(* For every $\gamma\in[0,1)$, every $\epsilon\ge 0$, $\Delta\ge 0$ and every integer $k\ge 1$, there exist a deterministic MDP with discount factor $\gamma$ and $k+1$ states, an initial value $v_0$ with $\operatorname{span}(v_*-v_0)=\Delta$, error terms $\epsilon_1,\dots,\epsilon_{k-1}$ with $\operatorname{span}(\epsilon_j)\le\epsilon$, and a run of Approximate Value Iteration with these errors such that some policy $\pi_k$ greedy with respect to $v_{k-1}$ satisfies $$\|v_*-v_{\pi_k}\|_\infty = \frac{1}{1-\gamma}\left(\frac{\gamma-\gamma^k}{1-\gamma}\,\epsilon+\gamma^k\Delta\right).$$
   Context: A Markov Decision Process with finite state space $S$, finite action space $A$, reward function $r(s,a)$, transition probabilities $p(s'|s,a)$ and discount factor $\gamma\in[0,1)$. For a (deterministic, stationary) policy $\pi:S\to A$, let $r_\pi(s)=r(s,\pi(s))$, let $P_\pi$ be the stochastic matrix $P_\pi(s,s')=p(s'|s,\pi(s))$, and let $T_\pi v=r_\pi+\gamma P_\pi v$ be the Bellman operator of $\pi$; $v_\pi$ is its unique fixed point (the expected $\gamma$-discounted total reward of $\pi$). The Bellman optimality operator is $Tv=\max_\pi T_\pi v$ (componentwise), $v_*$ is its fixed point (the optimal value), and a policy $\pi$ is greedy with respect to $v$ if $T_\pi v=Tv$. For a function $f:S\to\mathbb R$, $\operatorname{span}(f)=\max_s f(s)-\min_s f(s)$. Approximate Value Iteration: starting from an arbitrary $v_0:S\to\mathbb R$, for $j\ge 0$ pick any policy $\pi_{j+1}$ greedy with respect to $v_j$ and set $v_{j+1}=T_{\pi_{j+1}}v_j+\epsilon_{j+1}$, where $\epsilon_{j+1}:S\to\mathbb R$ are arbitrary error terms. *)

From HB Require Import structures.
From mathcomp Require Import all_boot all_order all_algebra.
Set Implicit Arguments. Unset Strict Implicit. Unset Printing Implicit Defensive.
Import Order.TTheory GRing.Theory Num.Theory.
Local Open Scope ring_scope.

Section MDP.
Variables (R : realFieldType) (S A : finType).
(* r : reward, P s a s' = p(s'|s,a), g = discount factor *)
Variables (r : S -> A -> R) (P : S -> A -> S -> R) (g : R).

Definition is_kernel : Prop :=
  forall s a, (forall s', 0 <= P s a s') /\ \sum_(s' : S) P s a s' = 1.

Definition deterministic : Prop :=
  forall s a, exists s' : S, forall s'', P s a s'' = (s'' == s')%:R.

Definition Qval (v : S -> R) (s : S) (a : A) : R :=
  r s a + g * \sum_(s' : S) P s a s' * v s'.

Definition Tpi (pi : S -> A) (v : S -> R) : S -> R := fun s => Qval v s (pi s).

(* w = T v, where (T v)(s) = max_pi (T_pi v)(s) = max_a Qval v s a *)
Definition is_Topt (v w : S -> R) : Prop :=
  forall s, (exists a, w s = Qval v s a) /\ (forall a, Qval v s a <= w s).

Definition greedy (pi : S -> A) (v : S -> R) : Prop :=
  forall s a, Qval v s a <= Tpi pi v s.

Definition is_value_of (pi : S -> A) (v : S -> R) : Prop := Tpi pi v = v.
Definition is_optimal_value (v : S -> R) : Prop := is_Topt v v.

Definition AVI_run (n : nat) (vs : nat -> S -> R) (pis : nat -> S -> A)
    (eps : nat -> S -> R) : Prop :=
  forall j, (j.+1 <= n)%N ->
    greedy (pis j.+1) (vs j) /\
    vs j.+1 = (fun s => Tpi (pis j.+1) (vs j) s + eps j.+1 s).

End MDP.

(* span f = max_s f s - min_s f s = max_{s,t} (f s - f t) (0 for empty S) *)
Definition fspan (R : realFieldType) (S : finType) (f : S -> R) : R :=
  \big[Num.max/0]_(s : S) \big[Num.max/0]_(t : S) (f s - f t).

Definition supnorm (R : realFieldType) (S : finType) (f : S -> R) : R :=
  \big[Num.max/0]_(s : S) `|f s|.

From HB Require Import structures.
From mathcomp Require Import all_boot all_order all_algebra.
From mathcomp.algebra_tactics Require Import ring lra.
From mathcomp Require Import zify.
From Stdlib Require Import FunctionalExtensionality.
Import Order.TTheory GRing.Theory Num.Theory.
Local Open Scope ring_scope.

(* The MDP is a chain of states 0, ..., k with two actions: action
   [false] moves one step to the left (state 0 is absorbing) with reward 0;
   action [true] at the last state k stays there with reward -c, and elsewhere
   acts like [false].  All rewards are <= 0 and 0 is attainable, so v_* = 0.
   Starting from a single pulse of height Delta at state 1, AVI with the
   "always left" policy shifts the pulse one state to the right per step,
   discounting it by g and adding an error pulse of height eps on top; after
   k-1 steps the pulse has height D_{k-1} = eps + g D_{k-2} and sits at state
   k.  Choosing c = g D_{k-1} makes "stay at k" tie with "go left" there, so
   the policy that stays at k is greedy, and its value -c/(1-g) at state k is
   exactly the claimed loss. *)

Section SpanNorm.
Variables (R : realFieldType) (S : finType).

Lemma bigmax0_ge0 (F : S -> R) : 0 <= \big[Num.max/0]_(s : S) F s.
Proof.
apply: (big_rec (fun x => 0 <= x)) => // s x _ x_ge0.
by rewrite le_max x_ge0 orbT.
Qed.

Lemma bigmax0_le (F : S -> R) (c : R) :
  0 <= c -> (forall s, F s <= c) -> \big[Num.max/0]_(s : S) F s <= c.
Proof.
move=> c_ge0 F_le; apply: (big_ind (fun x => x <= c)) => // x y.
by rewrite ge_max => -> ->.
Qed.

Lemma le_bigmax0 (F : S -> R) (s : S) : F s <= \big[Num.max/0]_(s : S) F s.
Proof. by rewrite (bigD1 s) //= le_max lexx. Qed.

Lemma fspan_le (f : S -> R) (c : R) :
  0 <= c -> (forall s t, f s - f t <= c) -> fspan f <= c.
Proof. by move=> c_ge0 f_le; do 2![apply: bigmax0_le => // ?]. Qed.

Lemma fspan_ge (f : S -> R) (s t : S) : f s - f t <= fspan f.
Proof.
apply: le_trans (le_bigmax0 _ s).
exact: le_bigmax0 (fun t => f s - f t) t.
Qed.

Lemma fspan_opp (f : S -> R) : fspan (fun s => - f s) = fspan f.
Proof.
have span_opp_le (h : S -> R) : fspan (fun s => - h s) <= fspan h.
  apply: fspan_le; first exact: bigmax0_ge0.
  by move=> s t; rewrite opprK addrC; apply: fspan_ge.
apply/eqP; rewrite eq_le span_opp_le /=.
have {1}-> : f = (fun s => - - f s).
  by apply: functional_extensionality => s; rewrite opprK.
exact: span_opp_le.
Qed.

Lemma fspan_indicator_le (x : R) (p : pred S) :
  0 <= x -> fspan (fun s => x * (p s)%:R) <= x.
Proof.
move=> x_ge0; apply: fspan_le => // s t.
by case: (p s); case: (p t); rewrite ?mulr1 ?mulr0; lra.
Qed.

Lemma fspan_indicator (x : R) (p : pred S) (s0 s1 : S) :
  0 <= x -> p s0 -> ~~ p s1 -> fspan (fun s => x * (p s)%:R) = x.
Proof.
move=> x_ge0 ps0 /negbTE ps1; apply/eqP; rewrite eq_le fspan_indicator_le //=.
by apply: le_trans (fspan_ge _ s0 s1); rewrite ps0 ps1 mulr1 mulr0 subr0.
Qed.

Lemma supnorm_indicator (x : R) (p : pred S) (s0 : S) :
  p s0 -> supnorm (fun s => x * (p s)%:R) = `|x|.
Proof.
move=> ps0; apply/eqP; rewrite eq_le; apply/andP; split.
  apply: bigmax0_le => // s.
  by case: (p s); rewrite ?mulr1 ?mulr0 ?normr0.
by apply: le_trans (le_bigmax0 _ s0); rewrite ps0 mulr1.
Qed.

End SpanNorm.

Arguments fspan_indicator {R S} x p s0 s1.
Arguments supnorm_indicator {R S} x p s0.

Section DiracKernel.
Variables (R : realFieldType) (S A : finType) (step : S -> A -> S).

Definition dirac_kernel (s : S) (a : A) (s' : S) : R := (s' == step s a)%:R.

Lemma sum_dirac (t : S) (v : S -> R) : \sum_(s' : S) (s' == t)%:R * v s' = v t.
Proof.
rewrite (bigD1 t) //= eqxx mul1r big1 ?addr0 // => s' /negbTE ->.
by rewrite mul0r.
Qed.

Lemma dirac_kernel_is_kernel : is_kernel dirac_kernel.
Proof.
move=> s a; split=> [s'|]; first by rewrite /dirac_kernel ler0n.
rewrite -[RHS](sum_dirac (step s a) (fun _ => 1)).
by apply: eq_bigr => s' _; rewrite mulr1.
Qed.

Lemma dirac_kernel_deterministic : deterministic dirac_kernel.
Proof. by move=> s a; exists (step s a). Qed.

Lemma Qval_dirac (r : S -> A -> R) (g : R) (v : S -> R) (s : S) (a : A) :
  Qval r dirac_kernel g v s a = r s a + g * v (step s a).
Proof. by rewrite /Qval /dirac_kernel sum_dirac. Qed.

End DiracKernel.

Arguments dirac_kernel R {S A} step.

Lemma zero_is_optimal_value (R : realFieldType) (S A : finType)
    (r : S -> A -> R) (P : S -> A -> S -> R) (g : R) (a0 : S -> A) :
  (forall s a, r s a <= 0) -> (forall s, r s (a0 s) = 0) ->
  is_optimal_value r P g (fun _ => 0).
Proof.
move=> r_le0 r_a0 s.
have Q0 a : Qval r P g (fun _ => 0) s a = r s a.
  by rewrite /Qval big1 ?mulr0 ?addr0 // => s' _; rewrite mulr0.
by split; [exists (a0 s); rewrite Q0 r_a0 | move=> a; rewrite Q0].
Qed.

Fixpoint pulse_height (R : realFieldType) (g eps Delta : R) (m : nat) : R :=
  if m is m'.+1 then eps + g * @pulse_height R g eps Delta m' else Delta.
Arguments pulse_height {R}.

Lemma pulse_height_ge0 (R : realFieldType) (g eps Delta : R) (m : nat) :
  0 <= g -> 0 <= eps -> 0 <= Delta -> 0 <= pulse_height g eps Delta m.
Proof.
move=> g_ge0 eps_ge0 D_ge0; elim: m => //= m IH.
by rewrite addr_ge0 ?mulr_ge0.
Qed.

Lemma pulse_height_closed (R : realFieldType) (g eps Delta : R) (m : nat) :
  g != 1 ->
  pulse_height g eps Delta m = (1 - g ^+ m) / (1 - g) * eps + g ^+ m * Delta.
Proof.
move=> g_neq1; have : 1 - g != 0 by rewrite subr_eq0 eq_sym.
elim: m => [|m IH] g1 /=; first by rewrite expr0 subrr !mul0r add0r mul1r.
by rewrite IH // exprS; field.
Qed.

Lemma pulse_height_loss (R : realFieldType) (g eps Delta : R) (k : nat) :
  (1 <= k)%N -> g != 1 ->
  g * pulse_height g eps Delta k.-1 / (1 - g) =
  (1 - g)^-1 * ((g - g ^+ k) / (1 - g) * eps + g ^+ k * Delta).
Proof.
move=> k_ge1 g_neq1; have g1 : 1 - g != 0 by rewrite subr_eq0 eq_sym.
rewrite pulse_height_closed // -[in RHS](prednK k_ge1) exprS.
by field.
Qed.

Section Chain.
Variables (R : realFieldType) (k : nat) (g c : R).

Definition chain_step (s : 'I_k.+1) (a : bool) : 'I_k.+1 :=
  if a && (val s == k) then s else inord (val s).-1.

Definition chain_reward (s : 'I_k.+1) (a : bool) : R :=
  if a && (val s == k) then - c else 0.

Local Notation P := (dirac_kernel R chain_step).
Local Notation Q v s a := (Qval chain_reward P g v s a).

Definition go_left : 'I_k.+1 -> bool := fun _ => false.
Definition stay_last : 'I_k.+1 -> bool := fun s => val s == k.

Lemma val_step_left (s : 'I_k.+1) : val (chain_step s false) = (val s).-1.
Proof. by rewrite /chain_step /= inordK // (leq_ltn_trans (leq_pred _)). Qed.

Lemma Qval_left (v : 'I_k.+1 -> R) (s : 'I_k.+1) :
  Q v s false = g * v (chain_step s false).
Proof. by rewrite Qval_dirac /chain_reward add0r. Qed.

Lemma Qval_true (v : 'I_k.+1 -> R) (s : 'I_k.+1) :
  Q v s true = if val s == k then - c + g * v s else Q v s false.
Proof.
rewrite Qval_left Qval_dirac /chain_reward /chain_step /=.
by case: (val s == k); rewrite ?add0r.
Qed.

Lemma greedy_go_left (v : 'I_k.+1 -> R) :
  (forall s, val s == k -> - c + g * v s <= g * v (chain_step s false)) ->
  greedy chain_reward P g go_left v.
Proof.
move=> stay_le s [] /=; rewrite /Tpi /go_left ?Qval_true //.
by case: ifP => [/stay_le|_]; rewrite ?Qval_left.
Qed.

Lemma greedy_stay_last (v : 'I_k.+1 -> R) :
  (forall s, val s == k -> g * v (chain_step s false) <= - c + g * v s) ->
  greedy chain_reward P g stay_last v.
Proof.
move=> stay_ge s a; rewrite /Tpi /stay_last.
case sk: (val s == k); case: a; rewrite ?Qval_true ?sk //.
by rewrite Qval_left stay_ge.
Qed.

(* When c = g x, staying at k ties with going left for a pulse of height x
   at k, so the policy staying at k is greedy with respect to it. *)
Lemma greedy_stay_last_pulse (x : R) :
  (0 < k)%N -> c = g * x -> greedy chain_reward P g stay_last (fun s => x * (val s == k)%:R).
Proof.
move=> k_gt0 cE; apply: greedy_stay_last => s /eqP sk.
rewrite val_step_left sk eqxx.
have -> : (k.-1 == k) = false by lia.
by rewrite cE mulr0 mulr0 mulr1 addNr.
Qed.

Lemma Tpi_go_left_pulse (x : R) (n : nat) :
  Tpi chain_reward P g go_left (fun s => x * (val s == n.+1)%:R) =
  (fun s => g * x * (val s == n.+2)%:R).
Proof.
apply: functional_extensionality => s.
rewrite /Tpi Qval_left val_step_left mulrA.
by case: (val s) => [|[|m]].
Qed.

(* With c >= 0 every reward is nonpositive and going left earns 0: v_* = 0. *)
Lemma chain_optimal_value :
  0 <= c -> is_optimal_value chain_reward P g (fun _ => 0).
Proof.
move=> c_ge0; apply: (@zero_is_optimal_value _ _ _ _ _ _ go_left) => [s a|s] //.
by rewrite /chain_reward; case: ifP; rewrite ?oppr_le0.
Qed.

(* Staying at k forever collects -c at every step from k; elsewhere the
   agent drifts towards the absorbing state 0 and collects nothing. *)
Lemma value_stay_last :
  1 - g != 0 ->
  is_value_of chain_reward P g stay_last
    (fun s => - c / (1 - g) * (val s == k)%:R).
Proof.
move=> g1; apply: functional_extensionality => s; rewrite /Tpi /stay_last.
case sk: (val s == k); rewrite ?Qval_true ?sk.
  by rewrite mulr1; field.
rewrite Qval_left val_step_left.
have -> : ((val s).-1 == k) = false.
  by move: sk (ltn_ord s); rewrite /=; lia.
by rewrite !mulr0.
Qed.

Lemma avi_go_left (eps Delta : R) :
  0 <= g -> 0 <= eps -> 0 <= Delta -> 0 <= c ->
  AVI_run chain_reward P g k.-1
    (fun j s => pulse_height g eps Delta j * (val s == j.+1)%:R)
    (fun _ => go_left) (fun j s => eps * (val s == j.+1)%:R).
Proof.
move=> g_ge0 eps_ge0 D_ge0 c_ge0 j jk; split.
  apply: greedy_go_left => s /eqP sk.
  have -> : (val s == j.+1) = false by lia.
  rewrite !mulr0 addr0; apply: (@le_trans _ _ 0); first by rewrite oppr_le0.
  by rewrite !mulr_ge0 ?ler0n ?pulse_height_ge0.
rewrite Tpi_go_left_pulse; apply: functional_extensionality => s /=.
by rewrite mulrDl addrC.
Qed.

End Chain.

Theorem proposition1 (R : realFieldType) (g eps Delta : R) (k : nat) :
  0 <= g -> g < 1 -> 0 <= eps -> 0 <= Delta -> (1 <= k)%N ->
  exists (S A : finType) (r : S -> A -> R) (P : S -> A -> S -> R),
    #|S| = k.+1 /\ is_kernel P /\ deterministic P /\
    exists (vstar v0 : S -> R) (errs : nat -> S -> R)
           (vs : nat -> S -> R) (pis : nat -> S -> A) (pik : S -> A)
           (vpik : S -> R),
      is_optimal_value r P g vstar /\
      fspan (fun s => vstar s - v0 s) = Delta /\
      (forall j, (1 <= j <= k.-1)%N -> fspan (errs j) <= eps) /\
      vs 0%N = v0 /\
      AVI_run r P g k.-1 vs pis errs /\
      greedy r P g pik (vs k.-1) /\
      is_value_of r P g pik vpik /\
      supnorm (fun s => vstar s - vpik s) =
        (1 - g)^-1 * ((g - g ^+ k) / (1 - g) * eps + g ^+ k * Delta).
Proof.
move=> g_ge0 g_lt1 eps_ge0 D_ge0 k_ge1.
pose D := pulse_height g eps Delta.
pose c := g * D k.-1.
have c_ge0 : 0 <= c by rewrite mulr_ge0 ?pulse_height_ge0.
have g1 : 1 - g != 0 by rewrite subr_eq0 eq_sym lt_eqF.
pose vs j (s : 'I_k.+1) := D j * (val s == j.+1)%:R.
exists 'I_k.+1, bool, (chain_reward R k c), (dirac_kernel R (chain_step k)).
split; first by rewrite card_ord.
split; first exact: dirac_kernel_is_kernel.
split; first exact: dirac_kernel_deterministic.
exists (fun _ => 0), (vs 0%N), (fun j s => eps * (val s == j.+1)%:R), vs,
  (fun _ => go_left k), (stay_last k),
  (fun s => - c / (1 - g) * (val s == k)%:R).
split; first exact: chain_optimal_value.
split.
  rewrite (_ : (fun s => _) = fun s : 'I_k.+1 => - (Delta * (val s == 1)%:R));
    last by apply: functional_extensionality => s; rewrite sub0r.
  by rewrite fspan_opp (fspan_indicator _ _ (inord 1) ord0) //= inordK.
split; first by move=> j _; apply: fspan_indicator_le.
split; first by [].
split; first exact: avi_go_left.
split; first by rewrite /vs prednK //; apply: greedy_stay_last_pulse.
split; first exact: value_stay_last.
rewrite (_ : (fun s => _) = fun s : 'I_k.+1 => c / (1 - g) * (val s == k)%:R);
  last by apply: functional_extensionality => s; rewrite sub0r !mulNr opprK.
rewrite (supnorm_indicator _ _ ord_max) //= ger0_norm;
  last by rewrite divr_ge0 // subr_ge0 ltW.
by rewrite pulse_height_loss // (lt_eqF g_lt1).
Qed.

——

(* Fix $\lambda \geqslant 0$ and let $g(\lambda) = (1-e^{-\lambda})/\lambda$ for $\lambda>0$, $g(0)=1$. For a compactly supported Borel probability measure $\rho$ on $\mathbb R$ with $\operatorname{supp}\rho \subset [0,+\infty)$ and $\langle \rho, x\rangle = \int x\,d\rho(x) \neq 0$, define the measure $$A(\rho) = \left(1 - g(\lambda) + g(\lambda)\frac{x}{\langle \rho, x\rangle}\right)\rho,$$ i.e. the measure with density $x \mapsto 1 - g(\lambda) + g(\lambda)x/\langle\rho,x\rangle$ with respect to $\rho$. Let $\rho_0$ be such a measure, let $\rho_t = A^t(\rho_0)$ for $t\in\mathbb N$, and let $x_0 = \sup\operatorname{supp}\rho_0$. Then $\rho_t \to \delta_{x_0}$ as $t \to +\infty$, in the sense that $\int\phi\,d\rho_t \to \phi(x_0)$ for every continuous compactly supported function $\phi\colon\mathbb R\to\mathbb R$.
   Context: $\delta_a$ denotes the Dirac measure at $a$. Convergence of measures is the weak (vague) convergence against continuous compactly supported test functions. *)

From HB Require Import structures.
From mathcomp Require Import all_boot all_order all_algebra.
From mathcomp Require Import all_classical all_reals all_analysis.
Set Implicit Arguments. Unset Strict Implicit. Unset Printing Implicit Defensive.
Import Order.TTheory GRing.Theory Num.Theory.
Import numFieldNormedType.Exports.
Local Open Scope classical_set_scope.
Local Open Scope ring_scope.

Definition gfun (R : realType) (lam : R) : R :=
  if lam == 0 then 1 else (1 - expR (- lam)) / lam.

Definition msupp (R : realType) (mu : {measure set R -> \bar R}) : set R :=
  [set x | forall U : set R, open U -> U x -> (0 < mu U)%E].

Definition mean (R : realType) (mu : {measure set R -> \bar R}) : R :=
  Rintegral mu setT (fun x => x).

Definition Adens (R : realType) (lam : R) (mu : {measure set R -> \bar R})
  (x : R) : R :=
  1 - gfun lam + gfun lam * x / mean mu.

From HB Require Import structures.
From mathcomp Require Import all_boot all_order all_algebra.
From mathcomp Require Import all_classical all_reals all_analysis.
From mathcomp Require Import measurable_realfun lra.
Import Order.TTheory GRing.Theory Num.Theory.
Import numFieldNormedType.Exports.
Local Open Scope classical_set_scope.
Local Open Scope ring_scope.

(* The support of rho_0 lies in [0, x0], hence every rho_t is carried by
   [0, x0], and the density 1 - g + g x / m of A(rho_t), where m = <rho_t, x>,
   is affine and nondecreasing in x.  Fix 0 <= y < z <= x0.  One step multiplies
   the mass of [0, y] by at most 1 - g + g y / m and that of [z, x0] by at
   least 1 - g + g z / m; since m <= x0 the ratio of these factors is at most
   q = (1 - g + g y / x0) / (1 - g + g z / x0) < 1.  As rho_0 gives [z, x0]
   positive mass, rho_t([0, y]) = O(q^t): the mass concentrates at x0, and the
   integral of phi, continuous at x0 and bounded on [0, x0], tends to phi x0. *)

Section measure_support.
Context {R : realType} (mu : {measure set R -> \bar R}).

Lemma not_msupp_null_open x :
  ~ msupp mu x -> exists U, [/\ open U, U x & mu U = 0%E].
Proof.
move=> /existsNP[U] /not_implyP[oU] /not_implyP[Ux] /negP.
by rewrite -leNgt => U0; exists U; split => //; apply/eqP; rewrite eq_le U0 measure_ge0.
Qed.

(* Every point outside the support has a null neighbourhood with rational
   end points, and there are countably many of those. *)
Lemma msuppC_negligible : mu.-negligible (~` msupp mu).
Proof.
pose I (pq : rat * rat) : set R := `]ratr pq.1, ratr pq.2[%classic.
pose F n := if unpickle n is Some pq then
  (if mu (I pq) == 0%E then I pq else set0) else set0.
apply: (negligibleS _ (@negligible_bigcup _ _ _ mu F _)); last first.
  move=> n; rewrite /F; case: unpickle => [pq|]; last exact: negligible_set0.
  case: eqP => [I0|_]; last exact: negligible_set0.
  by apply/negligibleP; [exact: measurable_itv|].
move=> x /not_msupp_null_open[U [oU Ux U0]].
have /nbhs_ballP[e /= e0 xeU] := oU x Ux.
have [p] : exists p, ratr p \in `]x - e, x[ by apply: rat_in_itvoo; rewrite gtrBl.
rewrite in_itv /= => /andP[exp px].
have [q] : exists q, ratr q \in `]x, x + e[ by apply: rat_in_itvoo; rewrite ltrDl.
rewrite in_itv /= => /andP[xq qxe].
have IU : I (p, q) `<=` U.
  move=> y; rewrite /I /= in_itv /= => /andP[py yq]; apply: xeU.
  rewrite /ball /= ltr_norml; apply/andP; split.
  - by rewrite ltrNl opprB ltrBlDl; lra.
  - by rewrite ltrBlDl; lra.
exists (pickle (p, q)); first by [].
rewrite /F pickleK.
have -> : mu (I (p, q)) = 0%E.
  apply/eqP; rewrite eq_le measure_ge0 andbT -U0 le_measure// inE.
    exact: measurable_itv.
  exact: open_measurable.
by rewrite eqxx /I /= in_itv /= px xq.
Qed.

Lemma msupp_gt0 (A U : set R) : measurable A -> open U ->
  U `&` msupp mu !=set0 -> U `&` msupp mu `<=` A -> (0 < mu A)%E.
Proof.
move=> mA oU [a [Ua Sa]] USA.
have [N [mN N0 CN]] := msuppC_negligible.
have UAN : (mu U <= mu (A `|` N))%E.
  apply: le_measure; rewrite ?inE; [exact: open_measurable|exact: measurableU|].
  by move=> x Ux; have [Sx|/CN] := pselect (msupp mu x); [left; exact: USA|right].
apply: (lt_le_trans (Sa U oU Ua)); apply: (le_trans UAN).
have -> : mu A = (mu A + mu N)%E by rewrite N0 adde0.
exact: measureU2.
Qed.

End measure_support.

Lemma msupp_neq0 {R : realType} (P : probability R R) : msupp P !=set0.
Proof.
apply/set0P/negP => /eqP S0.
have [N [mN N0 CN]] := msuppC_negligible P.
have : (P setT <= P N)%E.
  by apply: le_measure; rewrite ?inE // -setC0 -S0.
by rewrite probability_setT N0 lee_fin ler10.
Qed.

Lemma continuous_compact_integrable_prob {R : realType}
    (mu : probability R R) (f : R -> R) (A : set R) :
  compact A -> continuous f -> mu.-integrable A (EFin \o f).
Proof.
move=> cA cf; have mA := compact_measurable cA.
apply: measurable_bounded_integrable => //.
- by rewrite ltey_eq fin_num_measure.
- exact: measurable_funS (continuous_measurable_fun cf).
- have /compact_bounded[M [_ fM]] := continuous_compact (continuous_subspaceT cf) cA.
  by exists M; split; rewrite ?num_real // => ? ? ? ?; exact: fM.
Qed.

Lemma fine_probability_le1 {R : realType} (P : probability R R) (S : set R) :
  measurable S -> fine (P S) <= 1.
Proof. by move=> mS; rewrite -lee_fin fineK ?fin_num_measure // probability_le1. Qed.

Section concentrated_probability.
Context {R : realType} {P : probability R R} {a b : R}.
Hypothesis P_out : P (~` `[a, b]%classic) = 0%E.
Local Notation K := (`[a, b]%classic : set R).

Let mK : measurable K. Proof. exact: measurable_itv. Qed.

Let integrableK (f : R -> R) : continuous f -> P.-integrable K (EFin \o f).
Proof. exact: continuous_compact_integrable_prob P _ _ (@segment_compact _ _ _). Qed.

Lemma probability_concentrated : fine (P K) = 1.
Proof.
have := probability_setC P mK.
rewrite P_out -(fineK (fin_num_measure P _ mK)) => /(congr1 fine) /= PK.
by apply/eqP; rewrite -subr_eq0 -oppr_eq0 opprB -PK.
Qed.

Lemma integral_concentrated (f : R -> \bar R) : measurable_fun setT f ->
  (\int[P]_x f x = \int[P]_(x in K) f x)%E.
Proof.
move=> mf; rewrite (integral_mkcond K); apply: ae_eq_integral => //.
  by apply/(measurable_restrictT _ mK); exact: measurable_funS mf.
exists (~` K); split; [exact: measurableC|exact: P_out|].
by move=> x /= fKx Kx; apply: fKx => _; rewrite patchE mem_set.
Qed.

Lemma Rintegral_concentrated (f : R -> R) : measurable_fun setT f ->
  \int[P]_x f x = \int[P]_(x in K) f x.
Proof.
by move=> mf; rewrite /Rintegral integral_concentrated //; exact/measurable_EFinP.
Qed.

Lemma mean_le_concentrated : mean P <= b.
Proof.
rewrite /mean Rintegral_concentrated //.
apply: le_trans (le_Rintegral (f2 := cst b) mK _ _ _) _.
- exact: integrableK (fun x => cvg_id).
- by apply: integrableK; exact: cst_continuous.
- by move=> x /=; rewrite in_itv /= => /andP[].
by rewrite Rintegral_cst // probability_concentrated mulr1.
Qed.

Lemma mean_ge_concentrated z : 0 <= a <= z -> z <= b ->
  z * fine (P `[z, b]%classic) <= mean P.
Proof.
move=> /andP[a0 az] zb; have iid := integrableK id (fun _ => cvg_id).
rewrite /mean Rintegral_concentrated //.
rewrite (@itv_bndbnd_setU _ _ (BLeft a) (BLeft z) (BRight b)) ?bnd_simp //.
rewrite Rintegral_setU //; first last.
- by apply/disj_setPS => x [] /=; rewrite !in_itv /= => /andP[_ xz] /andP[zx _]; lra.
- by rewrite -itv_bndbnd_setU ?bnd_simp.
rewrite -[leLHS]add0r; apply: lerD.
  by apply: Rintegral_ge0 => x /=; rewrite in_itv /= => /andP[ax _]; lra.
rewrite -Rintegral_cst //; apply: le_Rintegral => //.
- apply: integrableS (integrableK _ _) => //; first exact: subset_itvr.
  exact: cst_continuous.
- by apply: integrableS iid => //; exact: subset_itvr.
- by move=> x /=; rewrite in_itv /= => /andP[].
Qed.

——

The expected answer is an exact copy of the lines above, beginning at the line with "have -> : mu (I (p, q)) = 0%E." and ending at the line with "move=> mA oU [a [Ua Sa]] USA.", with both ends in.

have -> : mu (I (p, q)) = 0%E.
  apply/eqP; rewrite eq_le measure_ge0 andbT -U0 le_measure// inE.
    exact: measurable_itv.
  exact: open_measurable.
by rewrite eqxx /I /= in_itv /= px xq.
Qed.

Lemma msupp_gt0 (A U : set R) : measurable A -> open U ->
  U `&` msupp mu !=set0 -> U `&` msupp mu `<=` A -> (0 < mu A)%E.
Proof.
move=> mA oU [a [Ua Sa]] USA.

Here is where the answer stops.